Due to the worldwide networking of computers via the Internet and due to the extensive data exchange via e-mail and the like, data protection in the exchange of data and the security of the origin of the data is becoming increasingly important. For example, methods based on the PGP (Pretty Good Privacy) method are known from the prior art. In this widespread encryption method, a public and a secret key are generated with which the messages can be encrypted or messages can be signed. The public key is in this case generally made available to the public in order to generate encrypted messages, which are then sent to the owner of the matching secret key, wherein the owner of the secret key can decrypt the encrypted message with his secret key.

In the signature, the message or part of the message is encrypted by the sender with the secret key. The recipient of the message decrypts the message with the public key and compares it with the additionally transmitted unencrypted message or partial message and can determine if it matches that the signature originated from the owner of the secret key and no one since the encrypted part of the document has changed.

In addition to the asymmetric methods with a public and a secret key, there are also so-called symmetric methods in which only a secret key is used for encryption and decryption. Known symmetrical methods are the Drive according to the Data Encryption Standard (DES method) or the Advanced Encoding Standard (AES method). This method is a block ciphering method in which information blocks are encrypted with keys of a certain length.

However, in both asymmetric and symmetric encryption methods, the problem is that at least one secret key must be stored in order to have it available for encryption and / or decryption. So if the secret key falls into the wrong hands, the encryption system is ineffective. Overall, the system is only as secure as the secret key is protected against unauthorized access.

DISCLOSURE OF THE INVENTION

OBJECT OF THE INVENTION

The present invention thus has the object to provide an encryption method and a method for signing data, which has a higher security compared to the known methods. In addition, the corresponding encryption and / or Signierverfahren should be easy to implement and feasible. In addition, a software program product for implementing the method to data processing systems and appropriately protected memory areas are to be made available.

TECHNICAL SOLUTION

This object is achieved by a method having the features of claim 1, a computer program product having the features of claim 23 and a memory space having the features of claim 24.

In addition, a simplified method for identifying a person with the features of claim 12 is provided.

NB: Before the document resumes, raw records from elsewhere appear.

(* Let $D\subset\mathbb{C}^n$ be a bounded homogeneous domain with $0\in D$, let $\mu:D\to(0,\infty)$ be a weight, let $\psi\in H(D)$ and let $\varphi$ be a holomorphic self-map of $D$. Let $W_{\psi,\varphi}f=\psi\,(f\circ\varphi)$. Then: (a) $W_{\psi,\varphi}:\mathcal{B}(D)\to H^\infty_\mu(D)$ is bounded if and only if $\psi\in H^\infty_\mu(D)$ and $\upsilon_\mu(\psi,\varphi)=\sup_{z\in D}\mu(z)|\psi(z)|\,\omega(\varphi(z))$ is finite; moreover, if it is bounded, then $\|W_{\psi,\varphi}\|=\max\{\|\psi\|_{H^\infty_\mu},\upsilon_\mu(\psi,\varphi)\}$. (b) $W_{\psi,\varphi}:\mathcal{B}_{0*}(D)\to H^\infty_\mu(D)$ is bounded if and only if $\psi\in H^\infty_\mu(D)$ and $\upsilon_{0,\mu}(\psi,\varphi)=\sup_{z\in D}\mu(z)|\psi(z)|\,\omega_0(\varphi(z))$ is finite; moreover, if it is bounded, then $\|W_{\psi,\varphi}\|=\max\{\|\psi\|_{H^\infty_\mu},\upsilon_{0,\mu}(\psi,\varphi)\}$.
   Context: $H(D)$ denotes the holomorphic functions $D\to\mathbb{C}$. A domain is homogeneous if its group of biholomorphic automorphisms acts transitively. A weight is a continuous strictly positive function $\mu:D\to(0,\infty)$; $H^\infty_\mu(D)=\{f\in H(D):\|f\|_{H^\infty_\mu}=\sup_{z\in D}\mu(z)|f(z)|<\infty\}$. For $f\in H(D)$ and $z\in D$, $Q_f(z)=\sup_{u\in\mathbb{C}^n\setminus\{0\}}\frac{|\nabla f(z)u|}{H_z(u,\bar u)^{1/2}}$, where $\nabla f(z)u=\sum_k \frac{\partial f}{\partial z_k}(z)u_k$ and $H_z$ is the Bergman metric of $D$ at $z$. The Bloch space is $\mathcal{B}(D)=\{f\in H(D):\beta_f=\sup_{z\in D}Q_f(z)<\infty\}$ with norm $\|f\|_{\mathcal{B}}=|f(0)|+\beta_f$. The $*$-little Bloch space is $\mathcal{B}_{0*}(D)=\{f\in\mathcal{B}(D):\lim_{z\to\partial^* D}Q_f(z)=0\}$ (with the Bloch norm), where $\partial^*D$ is the distinguished boundary of $D$. For $z\in D$: $\omega(z)=\sup\{|f(z)|: f\in\mathcal{B}(D), f(0)=0, \|f\|_{\mathcal{B}}\le 1\}$ and $\omega_0(z)=\sup\{|f(z)|: f\in\mathcal{B}_{0*}(D), f(0)=0, \|f\|_{\mathcal{B}}\le 1\}$. *)

(* All topological notions on C^n are written out by hand (epsilon-delta with
   the Euclidean norm), since R[i] carries no normed-space instance. *)
From HB Require Import structures.
From mathcomp Require Import all_boot all_order all_algebra.
From mathcomp Require Import all_classical all_reals all_analysis.
From mathcomp Require Import complex.

Set Implicit Arguments.
Unset Strict Implicit.
Unset Printing Implicit Defensive.
Import Order.TTheory GRing.Theory Num.Theory.
Import numFieldNormedType.Exports.
Local Open Scope classical_set_scope.
Local Open Scope ring_scope.

Section ComplexSCV.
Variable R : realType.
Local Notation C := R[i].
Variable n : nat.
Local Notation Cn := 'rV[C]_n.

Definition cabs (c : C) : R := Num.sqrt (complex.Re c ^+ 2 + complex.Im c ^+ 2).

Definition vnorm (z : Cn) : R := Num.sqrt (\sum_(k < n) cabs (z 0 k) ^+ 2).

Definition rC (t : R) : C := Complex t 0.

Definition open_set (D : set Cn) : Prop :=
  forall z, D z -> exists r : R, 0 < r /\ forall w, vnorm (w - z) < r -> D w.

Definition closure_set (S : set Cn) : set Cn :=
  [set z | forall e : R, 0 < e -> exists w, S w /\ vnorm (w - z) < e].

Definition closed_set (S : set Cn) : Prop := closure_set S `<=` S.

Definition connected_set (D : set Cn) : Prop :=
  forall U V : set Cn, open_set U -> open_set V -> D `<=` U `|` V ->
    (D `&` U) !=set0 -> (D `&` V) !=set0 -> (D `&` U `&` V) !=set0.

Definition domain (D : set Cn) : Prop :=
  open_set D /\ D !=set0 /\ connected_set D.

Definition cbounded_set (D : set Cn) : Prop :=
  exists M : R, forall z, D z -> vnorm z <= M.

Definition continuous_on_R (S : set Cn) (g : Cn -> R) : Prop :=
  forall z, S z -> forall e : R, 0 < e -> exists d : R, 0 < d /\
    forall w, S w -> vnorm (w - z) < d -> `|g w - g z| < e.

Definition continuous_on_C (S : set Cn) (f : Cn -> C) : Prop :=
  forall z, S z -> forall e : R, 0 < e -> exists d : R, 0 < d /\
    forall w, S w -> vnorm (w - z) < d -> cabs (f w - f z) < e.

Definition cderiv_at (f : Cn -> C) (z : Cn) (a : Cn) : Prop :=
  forall e : R, 0 < e -> exists d : R, 0 < d /\
    forall h : Cn, vnorm h < d ->
      cabs (f (z + h) - f z - \sum_(k < n) a 0 k * h 0 k) <= e * vnorm h.

(* f is holomorphic on D (f in H(D); values outside D are irrelevant) *)
Definition holo_on (D : set Cn) (f : Cn -> C) : Prop :=
  forall z, D z -> exists a, cderiv_at f z a.

Definition grad (f : Cn -> C) (z : Cn) : Cn := xget 0 (cderiv_at f z).

Definition nablaf (f : Cn -> C) (z u : Cn) : C :=
  \sum_(k < n) grad f z 0 k * u 0 k.

Definition holo_map (D : set Cn) (F : Cn -> Cn) : Prop :=
  forall k : 'I_n, holo_on D (fun z => F z 0 k).

Definition holo_self_map (D : set Cn) (phi : Cn -> Cn) : Prop :=
  holo_map D phi /\ (forall z, D z -> D (phi z)).

Definition automorphism (D : set Cn) (F : Cn -> Cn) : Prop :=
  holo_self_map D F /\ exists G, holo_self_map D G /\
    (forall z, D z -> G (F z) = z) /\ (forall z, D z -> F (G z) = z).

Definition homogeneous (D : set Cn) : Prop :=
  forall z w, D z -> D w -> exists F, automorphism D F /\ F z = w.
Lemma geod_angle_sigma (a p q1 q2 : C) (g1 g2 h1 h2 : geod) :
  in_disk a -> q1 <> p -> p <> q2 ->
  geod_through g1 q1 p -> geod_through g2 p q2 ->
  geod_through h1 (sigma_a a q1) (sigma_a a p) ->
  geod_through h2 (sigma_a a p) (sigma_a a q2) ->
  geod_angle h1 h2 (sigma_a a p) = geod_angle g1 g2 p.
Proof.
  intros Ha N1 N2 [V1 [O1q O1p]] [V2 [O2p O2q]] [V3 [O3q O3p]] [V4 [O4p O4q]].
  pose proof (proj1 O1p) as Hp; pose proof (proj1 O1q) as Hq1; pose proof (proj1 O2q) as Hq2.
  assert (S1 : sigma_a a p <> sigma_a a q1) by (intros E%sigma_inj; auto).
  assert (S2 : sigma_a a p <> sigma_a a q2) by (intros E%sigma_inj; auto).
  destruct (tangent_geod_dir g1 p q1 V1 O1p O1q (not_eq_sym N1)) as [l1 [L1 T1]].
  destruct (tangent_geod_dir g2 p q2 V2 O2p O2q N2) as [l2 [L2 T2]].
  destruct (tangent_geod_dir h1 _ _ V3 O3p O3q S1) as [l3 [L3 T3]].
  destruct (tangent_geod_dir h2 _ _ V4 O4p O4q S2) as [l4 [L4 T4]].
  assert (Hrho : forall q, in_disk q ->
            (1 - Cmod a ^ 2) ^ 2 / Cmod (1 - Cconj a * q) ^ 2 <> 0).
  { intros q Hq. pose proof (proj1 (Cmod_gt_0 _) (sigma_den_neq0 a Ha q Hq)).
    unfold in_disk in Ha; pose proof (Cmod_ge_0 a).
    apply Rgt_not_eq, Rdiv_lt_0_compat; apply pow_lt; nra. }
  assert (Hk : (/ ((1 - Cconj a * p) * (1 - Cconj a * p)))%C <> 0%C).
  { pose proof (sigma_den_neq0 a Ha p Hp) as D.
    intro E; apply C1_nz; rewrite <- (Cinv_r _ (Cmult_neq_0 _ _ D D)), E; ring. }
  unfold geod_angle; rewrite T1, T2, T3, T4, !geod_dir_sigma by auto.
  rewrite !Cmult_assoc, <- !RtoC_mult, <- !Cmult_assoc.
  rewrite line_angle_scaleR, line_angle_mul, line_angle_scaleR; auto;
    apply Rmult_integral_contrapositive; auto.
Qed.

Lemma geod_angles_sigma (a p q1 q2 : C) :
  in_disk a -> in_disk p -> in_disk q1 -> in_disk q2 -> q1 <> p -> p <> q2 ->
  (exists g1, geod_through g1 q1 p) /\
  (exists g2, geod_through g2 p q2) /\
  (exists h1, geod_through h1 (sigma_a a q1) (sigma_a a p)) /\
  (exists h2, geod_through h2 (sigma_a a p) (sigma_a a q2)) /\
  (forall g1 g2 h1 h2,
     geod_through g1 q1 p -> geod_through g2 p q2 ->
     geod_through h1 (sigma_a a q1) (sigma_a a p) ->
     geod_through h2 (sigma_a a p) (sigma_a a q2) ->
     geod_angle h1 h2 (sigma_a a p) = geod_angle g1 g2 p).
Proof.
  intros Ha Hp Hq1 Hq2 N1 N2.
  split; [apply geod_exists; auto|].
  split; [apply geod_exists; auto|].
  split; [apply geod_exists_sigma; auto|].
  split; [apply geod_exists_sigma; auto|].
  intros g1 g2 h1 h2; apply geod_angle_sigma; auto.
Qed.

Lemma cos_eq_1_0_2PI (x : R) : 0 <= x < 2 * PI -> cos x = 1 -> x = 0.
Proof.
  intros [H0 H2] Hc.
  assert (Hs : sin x = 0) by (pose proof (sin2_cos2 x) as E; unfold Rsqr in E; nra).
  destruct (sin_eq_O_2PI_0 x H0 (Rlt_le _ _ H2) Hs) as [E | [E | E]]; [exact E | | lra].
  rewrite E, cos_PI in Hc; lra.
Qed.

Lemma cos_sub_eq_1 (x y : R) : cos x = cos y -> sin x = sin y -> cos (x - y) = 1.
Proof.
  intros Hc Hs; rewrite cos_minus, Hc, Hs.
  pose proof (sin2_cos2 y) as E; unfold Rsqr in E; lra.
Qed.

Section EquallySpaced.
Variables (N : nat) (theta : nat -> R).
Hypothesis theta_range : forall j, (j < N)%nat -> 0 <= theta j < 2 * PI.
Hypothesis theta_incr : forall i j, (i < j)%nat -> (j < N)%nat -> theta i < theta j.
Hypothesis theta_cos_diff :
  forall i j, (i < N)%nat -> (j < N)%nat -> cos (INR N * (theta j - theta i)) = 1.

Let N_pos (i j : nat) : (i < j)%nat -> (j < N)%nat -> 0 < INR N.
Proof. intros; apply lt_0_INR; lia. Qed.

Lemma theta_gap_ge (i j : nat) : (i < j)%nat -> (j < N)%nat ->
  2 * PI / INR N <= theta j - theta i.
Proof.
  intros Hij Hj. pose proof (N_pos i j Hij Hj).
  pose proof (theta_incr i j Hij Hj).
  apply Rle_div_l; [lra|].
  destruct (Rlt_le_dec (INR N * (theta j - theta i)) (2 * PI)) as [L | L]; [|lra].
  assert (E : INR N * (theta j - theta i) = 0)
    by (apply cos_eq_1_0_2PI; [split; [nra | exact L] | apply theta_cos_diff; lia]).
  nra.
Qed.

Lemma theta_gap_ge_iter (d i : nat) : (i + d < N)%nat ->
  INR d * (2 * PI / INR N) <= theta (i + d)%nat - theta i.
Proof.
  induction d as [|d IH]; intro H.
  - rewrite Nat.add_0_r; simpl; lra.
  - rewrite S_INR. pose proof (IH ltac:(lia)).
    pose proof (theta_gap_ge (i + d) (i + S d) ltac:(lia) H). lra.
Qed.

Lemma theta_gap_succ (j : nat) : (j + 1 < N)%nat ->
  theta (j + 1)%nat - theta j = 2 * PI / INR N.
Proof.
  intro Hj. pose proof (N_pos j (j + 1) ltac:(lia) Hj) as HN.
  set (delta := 2 * PI / INR N).
  assert (HNd : INR N * delta = 2 * PI) by (unfold delta; field; lra).
  pose proof (theta_gap_ge j (j + 1) ltac:(lia) Hj) as Lo; fold delta in Lo.
  assert (Up : theta (j + 1)%nat - theta j < 2 * delta).
  { pose proof (theta_gap_ge_iter j 0 ltac:(lia)) as G1.
    pose proof (theta_gap_ge_iter (N - 2 - j) (j + 1) ltac:(lia)) as G2.
    replace (j + 1 + (N - 2 - j))%nat with (N - 1)%nat in G2 by lia.
    rewrite !minus_INR in G2 by lia.
    fold delta in G1, G2.
    destruct (theta_range 0 ltac:(lia)); destruct (theta_range (N - 1) ltac:(lia)).
    simpl Nat.add in G1; simpl INR in G2. lra. }
  set (x := INR N * (theta (j + 1)%nat - theta j) - 2 * PI).
  assert (Hx : x = 0).
  { apply cos_eq_1_0_2PI; unfold x.
    - split; nra.
    - rewrite cos_minus, cos_2PI, sin_2PI, theta_cos_diff by lia; ring. }
  unfold x in Hx. apply (Rmult_eq_reg_l (INR N)); lra.
Qed.

Lemma theta_arith (j : nat) : (j < N)%nat -> theta j = theta 0%nat + INR j * (2 * PI / INR N).
Proof.
  induction j as [|j IH]; intro Hj; [simpl; ring|].
  rewrite S_INR, <- Nat.add_1_r.
  pose proof (theta_gap_succ j ltac:(lia)); rewrite IH in * by lia; lra.
Qed.

End EquallySpaced.

Lemma Cpow_polar (r t : R) (n : nat) :
  Cpow (r * cos t, r * sin t) n = (r ^ n * cos (INR n * t), r ^ n * sin (INR n * t)).
Proof.
  induction n as [|n IH].
  - simpl; rewrite Rmult_0_l, cos_0, sin_0; apply injective_projections; simpl; ring.
  - rewrite Cpow_S, IH, S_INR.
    replace ((INR n + 1) * t) with (t + INR n * t) by ring.
    rewrite cos_plus, sin_plus; apply injective_projections; simpl; ring.
Qed.

Lemma polar_cos_sub_eq_1 (r x y : R) : 0 < r ->
  ((r * cos x, r * sin x) : C) = (r * cos y, r * sin y) -> cos (x - y) = 1.
Proof.
  intros Hr E; injection E; intros Es Ec.
  apply cos_sub_eq_1; eapply Rmult_eq_reg_l; eauto; lra.
Qed.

Advantageous embodiments are the subject of the dependent claims. The invention is based on the recognition that compared to stored keys for encrypting and / or signing data thereby a higher security standard can be achieved when the corresponding secret key does not need to be stored, but can be generated again and again in a reproducible manner. In this case, the inventor has recognized that biometric methods, such as those used to identify persons in access control to security-relevant areas, such as secure houses and the like or in access to data processing systems, can be used correspondingly to at least one of them in a reproducible manner So to generate the secret key. Such biometric methods for identifying persons are described, for example, in WO 98/06020 A1 or US Pat. No. 6,151,593 A with regard to the use of typing behavior as biometric information. In addition to the typing behavior as biometric information, further biometric information can be used, such as the image of the eyes, in particular the iris, image of the face or the image of a fingerprint.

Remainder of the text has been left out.